(DATA LISTING)

(* A ray from s0 that enters the open quadrant above-right of p meets the box
   ]p.1, z.1] x ]p.2, z.2] exactly when s0 <= z coordinatewise. *)
Lemma tile_blockers (s : seq pt) (p : pt) : exists B : seq pt, forall z,
  p.1 < z.1 -> p.2 < z.2 ->
  (exists w, all_rays s w /\ p.1 < w.1 <= z.1 /\ p.2 < w.2 <= z.2) <->
  (exists2 q, q \in B & q.1 <= z.1 /\ q.2 <= z.2).
Proof.
pose enters (e : ray_entry R) : bool := let: (s0, (T, Rt)) := e in
  ((s0.2 <= T) && (p.2 < T) && (p.1 < s0.1)) ||
  ((s0.1 <= Rt) && (p.1 < Rt) && (p.2 < s0.2)).
exists [seq e.1 | e <- foldl (@process_step R) [::] s & enters e] => z pz1 pz2; split.
  move=> [w [[[s0 [T Rt]] eL] /= [[ws0 /andP [s0w wT]]|[ws0 /andP [s0w wRt]]]]].
    move=> [/andP [pw1 wz1] /andP [pw2 wz2]]; exists s0; last first.
      by rewrite -ws0; split => //; exact: le_trans s0w wz2.
    apply/mapP; exists (s0, (T, Rt)) => //; rewrite mem_filter eL andbT /=.
    by rewrite (le_trans s0w wT) (lt_le_trans pw2 wT) -ws0 pw1.
  move=> [/andP [pw1 wz1] /andP [pw2 wz2]]; exists s0; last first.
    by rewrite -ws0; split => //; exact: le_trans s0w wz1.
  apply/mapP; exists (s0, (T, Rt)) => //; rewrite mem_filter eL andbT /=.
  by rewrite (le_trans s0w wRt) (lt_le_trans pw1 wRt) -ws0 pw2 orbT.
move=> [_ /mapP [[s0 [T Rt]] /[!mem_filter] /andP [+ eL] ->] /= [s0z1 s0z2]].
move=> /orP [/andP [/andP [s0T pT] ps0]|/andP [/andP [s0Rt pRt] ps0]].
  exists (s0.1, Num.min T z.2).
  split; last by rewrite /= ps0 s0z1 lt_min pT pz2 ge_min lexx orbT.
  by exists (s0, (T, Rt)) => //=; left; rewrite le_min s0T s0z2 ge_min lexx.
exists (Num.min Rt z.1, s0.2).
split; last by rewrite /= ps0 s0z2 lt_min pRt pz1 ge_min lexx orbT.
by exists (s0, (T, Rt)) => //=; right; rewrite le_min s0Rt s0z1 ge_min lexx.
Qed.

Lemma tile_staircase (s : seq pt) (p : pt) : exists C, staircase (tile s p) p C.
Proof.
have [B blockersE] := tile_blockers s p; have [C tC] := staircase_of_blockers p B.
exists C; congr staircase: tC; apply/seteqP; split => z;
  move=> [/[dup] z1 /andP [pz1 _] [/[dup] z2 /andP [pz2 _] not_blocked]];
  by do 2 split => //; move=> /(blockersE z pz1 pz2).
Qed.

Lemma tile_sub_unit_square (s : seq pt) (p : pt) :
  0 <= p.1 -> 0 <= p.2 -> tile s p `<=` @unit_square R.
Proof.
move=> p1 p2 z [/andP [pz1 z1] [/andP [pz2 z2] _]].
by split; apply/andP; split; lra.
Qed.
End Tiles.

Lemma par_area_ge0 (R : realType) (lambda a : R) : 0 <= lambda -> 0 <= par_area lambda a.
Proof. by move=> l0; rewrite /par_area mulrCA mulr_ge0 // -expr2 sqr_ge0. Qed.

Lemma le_par_area_sum (R : realType) (lambda u v a b : R) : 0 <= lambda ->
  0 <= u <= a -> 0 <= v <= b ->
  2 * lambda * (u * v) <= par_area lambda a + par_area lambda b.
Proof.
move=> l0 /andP [u0 ua] /andP [v0 vb]; rewrite /par_area.
have uv_ab : u * v <= a * b by apply: ler_pM.
have ab2 : 2 * (a * b) <= a * a + b * b by have := sqr_ge0 (a - b); rewrite expr2; lra.
have -> : a * (lambda * a) + b * (lambda * b) = lambda * (a * a + b * b) by ring.
rewrite -mulrA mulrCA ler_wpM2l //; lra.
Qed.

Lemma par_area_bound (R : realType) (lambda beta M E u v a b : R) :
  0 < lambda -> 0 < beta -> 0 < E -> M * E < u * v -> 0 <= u <= a -> 0 <= v <= b ->
  beta * M <= beta / (2 * lambda * E) * (par_area lambda a + par_area lambda b).
Proof.
move=> l0 beta0 E0 MEuv ua vb.
rewrite (_ : beta * M = beta / (2 * lambda * E) * (2 * lambda * (M * E))); last first.
  by field; rewrite !gt_eqF.
rewrite ler_wpM2l ?divr_ge0 ?mulr_ge0 ?(ltW beta0) ?(ltW l0) ?(ltW E0) //.
apply: le_trans _ (le_par_area_sum (ltW l0) ua vb).
by rewrite ler_wpM2l ?mulr_ge0 ?ltW.
Qed.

(End DATA LISTING)

-- EXERCISE --
For this exercise, retype each entry from above exactly as it stands.

-- SOLUTION --
(* A ray from s0 that enters the open quadrant above-right of p meets the box
   ]p.1, z.1] x ]p.2, z.2] exactly when s0 <= z coordinatewise. *)
Lemma tile_blockers (s : seq pt) (p : pt) : exists B : seq pt, forall z,
  p.1 < z.1 -> p.2 < z.2 ->
  (exists w, all_rays s w /\ p.1 < w.1 <= z.1 /\ p.2 < w.2 <= z.2) <->
  (exists2 q, q \in B & q.1 <= z.1 /\ q.2 <= z.2).
Proof.
pose enters (e : ray_entry R) : bool := let: (s0, (T, Rt)) := e in
  ((s0.2 <= T) && (p.2 < T) && (p.1 < s0.1)) ||
  ((s0.1 <= Rt) && (p.1 < Rt) && (p.2 < s0.2)).
exists [seq e.1 | e <- foldl (@process_step R) [::] s & enters e] => z pz1 pz2; split.
  move=> [w [[[s0 [T Rt]] eL] /= [[ws0 /andP [s0w wT]]|[ws0 /andP [s0w wRt]]]]].
    move=> [/andP [pw1 wz1] /andP [pw2 wz2]]; exists s0; last first.
      by rewrite -ws0; split => //; exact: le_trans s0w wz2.
    apply/mapP; exists (s0, (T, Rt)) => //; rewrite mem_filter eL andbT /=.
    by rewrite (le_trans s0w wT) (lt_le_trans pw2 wT) -ws0 pw1.
  move=> [/andP [pw1 wz1] /andP [pw2 wz2]]; exists s0; last first.
    by rewrite -ws0; split => //; exact: le_trans s0w wz1.
  apply/mapP; exists (s0, (T, Rt)) => //; rewrite mem_filter eL andbT /=.
  by rewrite (le_trans s0w wRt) (lt_le_trans pw1 wRt) -ws0 pw2 orbT.
move=> [_ /mapP [[s0 [T Rt]] /[!mem_filter] /andP [+ eL] ->] /= [s0z1 s0z2]].
move=> /orP [/andP [/andP [s0T pT] ps0]|/andP [/andP [s0Rt pRt] ps0]].
  exists (s0.1, Num.min T z.2).
  split; last by rewrite /= ps0 s0z1 lt_min pT pz2 ge_min lexx orbT.
  by exists (s0, (T, Rt)) => //=; left; rewrite le_min s0T s0z2 ge_min lexx.
exists (Num.min Rt z.1, s0.2).
split; last by rewrite /= ps0 s0z2 lt_min pRt pz1 ge_min lexx orbT.
by exists (s0, (T, Rt)) => //=; right; rewrite le_min s0Rt s0z1 ge_min lexx.
Qed.

Lemma tile_staircase (s : seq pt) (p : pt) : exists C, staircase (tile s p) p C.
Proof.
have [B blockersE] := tile_blockers s p; have [C tC] := staircase_of_blockers p B.
exists C; congr staircase: tC; apply/seteqP; split => z;
  move=> [/[dup] z1 /andP [pz1 _] [/[dup] z2 /andP [pz2 _] not_blocked]];
  by do 2 split => //; move=> /(blockersE z pz1 pz2).
Qed.

Lemma tile_sub_unit_square (s : seq pt) (p : pt) :
  0 <= p.1 -> 0 <= p.2 -> tile s p `<=` @unit_square R.
Proof.
move=> p1 p2 z [/andP [pz1 z1] [/andP [pz2 z2] _]].
by split; apply/andP; split; lra.
Qed.
End Tiles.

Lemma par_area_ge0 (R : realType) (lambda a : R) : 0 <= lambda -> 0 <= par_area lambda a.
Proof. by move=> l0; rewrite /par_area mulrCA mulr_ge0 // -expr2 sqr_ge0. Qed.

Lemma le_par_area_sum (R : realType) (lambda u v a b : R) : 0 <= lambda ->
  0 <= u <= a -> 0 <= v <= b ->
  2 * lambda * (u * v) <= par_area lambda a + par_area lambda b.
Proof.
move=> l0 /andP [u0 ua] /andP [v0 vb]; rewrite /par_area.
have uv_ab : u * v <= a * b by apply: ler_pM.
have ab2 : 2 * (a * b) <= a * a + b * b by have := sqr_ge0 (a - b); rewrite expr2; lra.
have -> : a * (lambda * a) + b * (lambda * b) = lambda * (a * a + b * b) by ring.
rewrite -mulrA mulrCA ler_wpM2l //; lra.
Qed.

Lemma par_area_bound (R : realType) (lambda beta M E u v a b : R) :
  0 < lambda -> 0 < beta -> 0 < E -> M * E < u * v -> 0 <= u <= a -> 0 <= v <= b ->
  beta * M <= beta / (2 * lambda * E) * (par_area lambda a + par_area lambda b).
Proof.
move=> l0 beta0 E0 MEuv ua vb.
rewrite (_ : beta * M = beta / (2 * lambda * E) * (2 * lambda * (M * E))); last first.
  by field; rewrite !gt_eqF.
rewrite ler_wpM2l ?divr_ge0 ?mulr_ge0 ?(ltW beta0) ?(ltW l0) ?(ltW E0) //.
apply: le_trans _ (le_par_area_sum (ltW l0) ua vb).
by rewrite ler_wpM2l ?mulr_ge0 ?ltW.
Qed.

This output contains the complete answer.